Java Memcached Performance &Scalability

Mon Jul 31 17:15:47 UTC 2006

Sorry, just caught this.

On 26 Jul 2006, at 13:36, Prateek Mathur wrote:

> Folks
>  Some questions on performance and scalability:
>  1) How do you compare the Java version of Memcached with the C  
> versions in handling load and performance?

I don't.  There's almost no way I'd ever be willing to wrap the C- 
based library in a java API and do that much JNI boundary crossing  
across hundreds of threads in our applications.  You can do so;  
forgive me if I think you're completely insane for it.  :)

It's fast enough that I don't have to worry about how fast it is.   
The cost is miniscule to nonexistent, compared to the serialization  
overhead we pay for serializing our object hierarchies into the server.

> Are there any figures from real production environment?

If I was worried about comparing it to something else, I'd bother.   
There's nothing worth comparing it to, so I don't.  Object load times  
from our database are orders of magnitude more expensive than loading  
objects from the memcached cache backend, on our system.

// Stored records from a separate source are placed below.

Theorem theorem13 :
  exists c C : R, (0 < c)%R /\ (0 < C)%R /\
  forall (n k : nat) (G0 : graph n),
    simple_graph G0 -> connected G0 -> 1 <= k ->
    num_edges G0 + k = 'C(n, 2) ->
    (prob_complete (nat_floor (c * INR n * ln (INR k))) G0
       <= C * exp (- Rpower (INR k) (1 / 4)))%R.
Proof.
exists (1/320)%R, (exp 20000); split; first lra; split; first exact: exp_pos.
move=> n k G0 _ _ k1 G0k.
have k1R : (1 <= INR k)%R by apply: (le_INR 1); apply/ssrnat.leP.
have e20000 : (1 <= exp 20000)%R by have := exp_ineq1_le 20000; lra.
have := exp_pos (- Rpower (INR k) (1 / 4)).
case: (ltnP n.-1 120) => [n_small | n_large] pos.
- (* k <= 20000, so the right-hand side is at least 1. *)
  have k_small := missing_edges_small n_small G0k.
  have quarter_le : (Rpower (INR k) (1 / 4) <= INR k)%R.
    rewrite /Rpower -{2}(exp_ln (INR k)); last lra.
    by apply: exp_le; have := ln_ge0 k1R; lra.
  apply: Rle_trans (prob_complete_le1 _ G0) _.
  by rewrite -exp_plus; apply: Rle_trans (exp_ineq1_le _); lra.
- by have := completion_bound_large n_large k1 G0k; nra.
Qed.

>  2) How do you compare the Java version of Memcached with other  
> Java caches like EhCache,JBossCache etc.Any figures?

They don't compare, IMO.  I wouldn't ever use the long-term caching  
on most of those, personally - I don't like the implementation, and  
most importantly, the whole point of having a cache like this is  
making sure that nothing can go wrong within the Java VM that damages  
the availability and uptime of the caches themselves.

What we do here is a two-level readthrough/writethrough cache, with  
an EhCache providing "short term memory" caching, and a Memcached  
providing "long term" caching.  Cache updates and reads check the  
short term cache, which is limited by numbers and/or by TTL, and fall  
through to the TTL'd memcached backend.  Updates clear keys in both  
sets; the next access will fall through both caches and result in a  
fresh read from the database.

Simple layering of a 'recently used' cache on top of the memcached  
access API can get you a predictably-performing short term  
implementation with long-term fallthrough to the memcached backends  
for longer TTL data persistence with very little overhead.

All of this is personal preference - feel free to use the disk caches  
and server-to-server replication if you prefer.  It all depends on  
what you're trying to accomplish.